Lemma psd_pinv (S : M) : psd S -> exists T : M,
  [/\ adj T = T, T *m (S *m S) = S & T *m T *m (S *m S) *m T *m T = T *m T].
Proof.
move=> pS; have [V [d [VV eS d0]]] := psd_spectral pS.
pose f (e : 'rV[C]_n) := adj V *m diag_mx e *m V.
pose di := \row_j (d 0 j)^-1.
exists (f di); rewrite eS -/(f d) /f !unitary_diag_mulmx //; split.
- rewrite psd_adjmx //; apply: psd_congruence; apply: psd_diag_mx => j.
  by rewrite mxE invr_ge0.
- congr (_ *m diag_mx _ *m _); apply/rowP=> j; rewrite !mxE.
  have [->|nz] := eqVneq (d 0 j) 0; first by rewrite !mulr0.
  by rewrite mulrA mulVf // mul1r.
- congr (_ *m diag_mx _ *m _); apply/rowP=> j; rewrite !mxE.
  have [->|nz] := eqVneq (d 0 j) 0; first by rewrite invr0 !mul0r.
  by field.
Qed.

Lemma mxtrace_mul_proj_le (N P : M) : adj P = P -> P *m P = P -> psd N ->
  \tr (N *m P) <= \tr N.
Proof.
move=> hP iP pN; pose K := 1%:M - P.
have hK : adj K = K by rewrite /K adjmxB adjmx1 hP.
have iK : K *m K = K.
  by rewrite /K mulmxBl !mulmxBr !mul1mx !mulmx1 iP subrr subr0.
rewrite -subr_ge0.
have -> : \tr N - \tr (N *m P) = \tr (adj K *m N *m K).
  rewrite hK [in RHS]mxtrace_mulC mulmxA iK /K mulmxBl mul1mx.
  by rewrite raddfB /= (mxtrace_mulC P).
exact/psd_mxtrace_ge0/psd_congruence.
Qed.

Lemma mxtrace_quadratic_ge0 (N A B : M) (s : R) : psd N ->
  0 <= s ^+ 2 * cRe (\tr (adj A *m N *m A)) - 2 * s * cRe (\tr (adj A *m N *m B))
       + cRe (\tr (adj B *m N *m B)).
Proof.
move=> pN.
have := Re_ge0 (psd_mxtrace_ge0 (psd_congruence (s%:C *: A - B) pN)).
have cross : \tr (adj B *m N *m A) = (\tr (adj A *m N *m B))^*.
  by rewrite -mxtrace_adjmx !adjmxM adjmxK (psd_adjmx pN) mulmxA.
rewrite adjmxB adjmxZ [_^* *: _](_ : _ = s%:C *: adj A); last first.
  by congr (_ *: _); exact: conjc_real.
rewrite !mulmxBl !mulmxBr -!scalemxAl -!scalemxAr.
rewrite !mxtraceD !raddfN /= !mxtraceZ (mxtraceD (_ *: _)) raddfN mxtraceZ cross.
have real_part (a b c : C) :
    0 <= cRe (s%:C * (s%:C * a) - s%:C * b - (s%:C * b^* - c)) ->
    0 <= s ^+ 2 * cRe a - 2 * s * cRe b + cRe c.
  by case: a b c => [a1 a2] [b1 b2] [c1 c2] /=; nra.
exact: real_part.
Qed.

Lemma mxtrace_cauchy_schwarz (N A B : M) : psd N ->
  cRe (\tr (adj A *m N *m B)) <=
  Num.sqrt (cRe (\tr (adj A *m N *m A)) * cRe (\tr (adj B *m N *m B))).
Proof.
move=> pN; apply: le_sqrt_of_quadratic_ge0.
- exact/Re_ge0/psd_mxtrace_ge0/psd_congruence.
- exact/Re_ge0/psd_mxtrace_ge0/psd_congruence.
- by move=> s _; apply: mxtrace_quadratic_ge0.
Qed.

(* Polar decomposition: [X = U |X|] with [U = X |X|^+] a partial isometry. *)
Lemma trnorm_polar (X : M) : exists U : M,
  (U *m adj U) *m (U *m adj U) = U *m adj U /\ trnorm X = cRe (\tr (adj U *m X)).
Proof.
have pS := psd_sqrt_psd (adj X *m X); have eS := psd_sqrtK (psd_gram X).
set S := psd_sqrt _ in pS eS *.
have [T [hT eT1 eT2]] := psd_pinv pS.
exists (X *m T); rewrite /trnorm -/S; split.
  have -> : X *m T *m adj (X *m T) *m (X *m T *m adj (X *m T)) =
            X *m (T *m T *m (S *m S) *m T *m T) *m adj X.
    by rewrite adjmxM hT eS !mulmxA.
  by rewrite eT2 adjmxM hT !mulmxA.
by rewrite adjmxM hT -mulmxA -eS eT1.
Qed.

Lemma fidelity_le_measured (rb rho Q : M) :
  psd rb -> psd rho -> psd Q -> psd (1%:M - Q) ->
  fidelity rb rho <=
    Num.sqrt (cRe (\tr (Q *m rb)) * cRe (\tr (Q *m rho))) +
    Num.sqrt (cRe (\tr ((1%:M - Q) *m rb)) * cRe (\tr ((1%:M - Q) *m rho))).
Proof.
move=> prb prho pQ pQ'; rewrite /fidelity.
have hP := psd_adjmx (psd_sqrt_psd rb); have hS := psd_adjmx (psd_sqrt_psd rho).
set P := psd_sqrt rb in hP *; set S := psd_sqrt rho in hS *.
have [U [iPi ->]] := trnorm_polar (P *m S).
set A := P *m U.
have A_bound (N : M) : psd N -> cRe (\tr (adj A *m N *m A)) <= cRe (\tr (N *m rb)).
  move=> pN; apply: Re_le.
  have -> : \tr (adj A *m N *m A) = \tr (adj P *m N *m P *m (U *m adj U)).
    by rewrite /A adjmxM hP -!mulmxA mxtrace_mulC !mulmxA.
  apply: le_trans (mxtrace_mul_proj_le _ iPi (psd_congruence P pN)) _.
    by rewrite adjmxM adjmxK.
  by rewrite hP -mulmxA mxtrace_mulC -mulmxA psd_sqrtK.
have S_trace (N : M) : \tr (adj S *m N *m S) = \tr (N *m rho).
  by rewrite hS -mulmxA mxtrace_mulC -mulmxA psd_sqrtK.
have measured_term (N : M) : psd N ->
    cRe (\tr (adj A *m N *m S)) <= Num.sqrt (cRe (\tr (N *m rb)) * cRe (\tr (N *m rho))).
  move=> pN; apply: le_trans (mxtrace_cauchy_schwarz A S pN) _.
  rewrite S_trace; apply/ler_wsqrtr/ler_wpM2r; last exact: A_bound.
  by rewrite -S_trace; apply/Re_ge0/psd_mxtrace_ge0/psd_congruence.
have -> : \tr (adj U *m (P *m S)) = \tr (adj A *m Q *m S) + \tr (adj A *m (1%:M - Q) *m S).
  by rewrite -mxtraceD -mulmxDl -mulmxDr addrC subrK mulmx1 /A adjmxM hP mulmxA.
by rewrite raddfD /=; apply: lerD; apply: measured_term.
Qed.

Lemma fidelity_ge0 (rb rho : M) : 0 <= fidelity rb rho.
Proof. exact/Re_ge0/psd_mxtrace_ge0/psd_sqrt_psd. Qed.

Lemma mxtrace_mul1Bl (Q X : M) : \tr ((1%:M - Q) *m X) = \tr X - \tr (Q *m X).
Proof. by rewrite mulmxBl mul1mx raddfB. Qed.

Lemma DH_set_Dmax_set_le (rho sigma : M) (eps eps' x mu : R) :
  density rho -> psd sigma -> eps' < eps -> 0 <= eps' ->
  DH_set eps rho sigma x -> Dmax_set eps' rho sigma mu ->
  mu * (eps - eps') <= x * eps.
Proof.
move=> [prho trho] psig ee e0 [Q [pQ lQ eQ xQ]] [rb [prb trb lmu hF]].
have epos : 0 < eps := le_lt_trans e0 ee.
have xe : x * eps = cRe (\tr (Q *m sigma)).
  have eC : eps%:C != 0 by rewrite eq_complex /= (gt_eqF epos).
  by rewrite -(mulfVK eC (\tr _)) -xQ Re_real_mul.
set a := cRe (\tr (Q *m rho)); set b := cRe (\tr (Q *m rb)).
have a'_eq : cRe (\tr ((1%:M - Q) *m rho)) = 1 - a.
  by rewrite mxtrace_mul1Bl raddfB /= trho.
have a1 : a <= 1.
  by have := Re_ge0 (psd_mxtrace_mul_ge0 lQ prho); rewrite a'_eq subr_ge0.
have b'_eq : cRe (\tr ((1%:M - Q) *m rb)) = cRe (\tr rb) - b.
  by rewrite mxtrace_mul1Bl raddfB.
have hb : a - eps' <= b.
  apply: (sub_le_of_fidelity_le (b' := cRe (\tr rb) - b) (F := fidelity rb rho)) hF e0.
  - by rewrite a1 andbT; apply/Re_ge0/psd_mxtrace_mul_ge0.
  - exact/Re_ge0/psd_mxtrace_mul_ge0.
  - by rewrite -b'_eq; apply/Re_ge0/psd_mxtrace_mul_ge0.
  - by rewrite addrC subrK; apply: Re_le trb.
  - exact: fidelity_ge0.
  - have := fidelity_le_measured prb prho pQ lQ.
    by rewrite b'_eq a'_eq.
have hmu : mu * b <= x * eps.
  have := Re_ge0 (psd_mxtrace_mul_ge0 pQ lmu).
  by rewrite mulmxBr -scalemxAr raddfB /= mxtraceZ raddfB /= Re_real_mul xe subr_ge0.
have ea : eps <= a := Re_le eQ.
have x0 : 0 <= x * eps by rewrite xe; apply/Re_ge0/psd_mxtrace_mul_ge0.
have [mu0|mu0] := lerP 0 mu; nra.
Qed.

End PositiveOperators.

Theorem lemmaA6 (R : realType) (n : nat) (rho sigma : 'M[R[i]]_n)
  (eps eps' : R) :
  density rho -> psd sigma -> eps <= 1 -> eps' < eps -> 0 <= eps' ->
  (DH eps rho sigma <= Dmax eps' rho sigma + (log2 (eps / (eps - eps')))%:E)%E.
Proof.
move=> drho psig _ ee e0.
have epos : 0 < eps := le_lt_trans e0 ee.
have kpos : 0 < eps - eps' by rewrite subr_gt0.
apply: neglog2_inf_le_sup; first exact: divr_gt0.
move=> x mu Ax Bmu; rewrite mulrA ler_pdivlMr //.
exact: DH_set_Dmax_set_le drho psig ee e0 Ax Bmu.
Qed.
Definition is_monomial (u : term) : bool := all nonzero_factor (prod_seq u).

Fixpoint bigsum (s : seq term) : term :=
  match s with
  | [::] => Cst 0
  | [:: x] => x
  | x :: s' => Add x (bigsum s')
  end.

Fixpoint bigprod (s : seq term) : term :=
  match s with
  | [::] => Cst 1
  | [:: x] => x
  | x :: s' => Mul x (bigprod s')
  end.

Fixpoint lex_ge (r : term -> term -> bool) (s s' : seq term) : bool :=
  match s, s' with
  | _, [::] => true
  | [::], _ :: _ => false
  | x :: s1, y :: s1' =>
      if r x y then (if r y x then lex_ge r s1 s1' else true) else false
  end.

Variable ges : sym -> sym -> bool.

Definition sym_of (u : term) : option sym :=
  match u with
  | Cst a => Some (SCst a)
  | Var v => Some (SVar v)
  | _ => None
  end.

Definition ges_opt (x y : option sym) : bool :=
  match x, y with Some a, Some b => ges a b | _, _ => false end.

(* The factor order >=_l and the monomial order >=_p, mutually recursive.
   They are computed with a fuel argument k; [geq_l]/[geq_p] below supply
   fuel term_size a + term_size b, which is always sufficient (every
   recursive comparison is between subterms of strictly smaller total size). *)
Fixpoint gl (k : nat) (a b : term) {struct k} : bool :=
  match k with
  | 0 => false
  | k'.+1 =>
    let gp := fun x y =>
      lex_ge (gl k') (sort (gl k') (prod_seq x)) (sort (gl k') (prod_seq y)) in
    match a, b with
    | Aff f x, Aff g y =>
        (ges (SAff f) (SAff g) && (f != g)) || ((f == g) && gp x y)
    | Aff f _, _ => ges_opt (Some (SAff f)) (sym_of b)
    | _, Aff g _ => ges_opt (sym_of a) (Some (SAff g))
    | _, _ => ges_opt (sym_of a) (sym_of b)
    end
  end.

Definition geq_l (a b : term) : bool := gl (term_size a + term_size b) a b.

Definition geq_p (x y : term) : bool :=
  let k := term_size x + term_size y in
  lex_ge (gl k) (sort (gl k) (prod_seq x)) (sort (gl k) (prod_seq y)).

Variable c : 'I_t -> F.

Inductive rule : term -> term -> Prop :=
| R1 (ms : seq term) : all is_monomial ms -> sort geq_p ms <> ms ->
    rule (bigsum ms) (bigsum (sort geq_p ms))
| R2 (fs : seq term) : all is_factor fs -> sort geq_l fs <> fs ->
    rule (bigprod fs) (bigprod (sort geq_l fs))
| R3 u : rule (Add u u) (Cst 0)
| R4 u : rule (Mul u (Cst 0)) (Cst 0)
| R5 u : rule (Mul (Cst 0) u) (Cst 0)
| R6 u : rule (Add u (Cst 0)) u
| R7 u : rule (Add (Cst 0) u) u
| R8 u : rule (Mul u (Cst 1)) u
| R9 u : rule (Mul (Cst 1) u) u
| R10 u u1 u2 : rule (Mul (Add u1 u2) u) (Add (Mul u1 u) (Mul u2 u))
| R11 u u1 u2 : rule (Mul u (Add u1 u2)) (Add (Mul u u1) (Mul u u2))
| R12 f u1 u2 : rule (Aff f (Add u1 u2)) (Add (Add (Aff f u1) (Aff f u2)) (Cst (c f)))
| R13 f : rule (Aff f (Cst 0)) (Cst (c f)).
(** U is a neighbourhood of the identity in C_p(X,R^I): U is a subset of
    C_p(X,R^I) containing a finite intersection of subbasic open sets
    {g | g x_j \in V_j} (V_j open in R^I) which contains the zero map. *)
Definition Cp_nbhd0 (U : (X -> I -> R) -> Prop) : Prop :=
  (forall g, U g -> Cp g) /\
  exists l : list (X * ((I -> R) -> Prop)),
    (forall p, In p l -> prod_open (snd p) /\ snd p (Cp_zero (fst p))) /\
    forall g, Cp g -> (forall p, In p l -> snd p (g (fst p))) -> U g.

Definition in_prod_set (A : list (X -> I -> R)) (U : (X -> I -> R) -> Prop)
  (x : X -> I -> R) : Prop :=
  exists a u, In a A /\ U u /\ x = (fun t i => a t i + u t i).

Definition finite_subset (A : list (X -> I -> R)) : Prop :=
  forall a, In a A -> Cp a.

Definition M_bounded : Prop :=
  forall U : nat -> (X -> I -> R) -> Prop, (forall n, Cp_nbhd0 (U n)) ->
  exists A : nat -> list (X -> I -> R), (forall n, finite_subset (A n)) /\
    forall x, Cp x -> exists n, in_prod_set (A n) (U n) x.

Definition H_bounded : Prop :=
  forall U : nat -> (X -> I -> R) -> Prop, (forall n, Cp_nbhd0 (U n)) ->
  exists A : nat -> list (X -> I -> R), (forall n, finite_subset (A n)) /\
    forall x, Cp x -> exists N, forall n, (N <= n)%nat -> in_prod_set (A n) (U n) x.

(** Strategies for TWO: the move A_n is a function of ONE's moves
    U_0, ..., U_n (TWO's own earlier moves are determined by these). *)
Definition history (U : nat -> (X -> I -> R) -> Prop) (n : nat) :=
  map U (seq 0 (S n)).

Definition strictly_M_bounded : Prop :=
  exists sigma : list ((X -> I -> R) -> Prop) -> list (X -> I -> R),
  forall U : nat -> (X -> I -> R) -> Prop, (forall n, Cp_nbhd0 (U n)) ->
    (forall n, finite_subset (sigma (history U n))) /\
    forall x, Cp x -> exists n, in_prod_set (sigma (history U n)) (U n) x.

Definition strictly_H_bounded : Prop :=
  exists sigma : list ((X -> I -> R) -> Prop) -> list (X -> I -> R),
  forall U : nat -> (X -> I -> R) -> Prop, (forall n, Cp_nbhd0 (U n)) ->
    (forall n, finite_subset (sigma (history U n))) /\
    forall x, Cp x -> exists N, forall n, (N <= n)%nat ->
      in_prod_set (sigma (history U n)) (U n) x.
End Cp.

(** Index types: R^n uses {k | k < n}, R^omega uses nat. *)
Definition fin (n : nat) : Type := {k : nat | (k < n)%nat}.

(* (1) If X is pseudocompact, every f in C_p(X,R^n) is bounded.  A neighbourhood
   of 0 contains a box {g | |g x i| < d for (x,i) in P} with P finite, and
   bump functions from complete regularity give finitely many continuous maps
   d-approximating on P every function bounded by N.  Answering U_m with such
   a set for N = m+1 is a winning strategy for TWO in the H-game.
   (2) If f is continuous and unbounded, pick x_k with |f x_k| >= k and let
   U_k = {u | |u x_k i0| < 1}.  Whatever finite sets A_k TWO chooses, a
   locally finite sum of tents composed with |f| gives a continuous h with
   |h x_k i0| >= 1 + max_{a in A_k} |a x_k i0|, so h is in no A_k U_k.
   (3) For R^omega the coordinate m plays the role of the point x_k: the
   constant map with m-th coordinate 1 + max_{a in A_m} |a x0 m| escapes
   every A_m U_m. *)
From Stdlib Require Import Reals List Lra Lia ZArith.
From Stdlib Require Import Classical ClassicalEpsilon FunctionalExtensionality
  PropExtensionality ProofIrrelevance.
Open Scope R_scope.

Definition max_abs (l : list R) : R := fold_right (fun v m => Rmax (Rabs v) m) 0 l.

Lemma max_abs_ge0 l : 0 <= max_abs l.
Proof.
  induction l as [|v l IH]; simpl; [lra|].
  eapply Rle_trans; [exact IH | apply Rmax_r].
Qed.

Lemma max_abs_ge l v : In v l -> Rabs v <= max_abs l.
Proof.
  induction l as [|w l IH]; [intros []|].
  intros [<-|Hv]; simpl; [apply Rmax_l|].
  eapply Rle_trans; [apply IH; auto | apply Rmax_r].
Qed.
•••••
How many lines in the entries above include the string "scalemxAr"? Give only the number.

2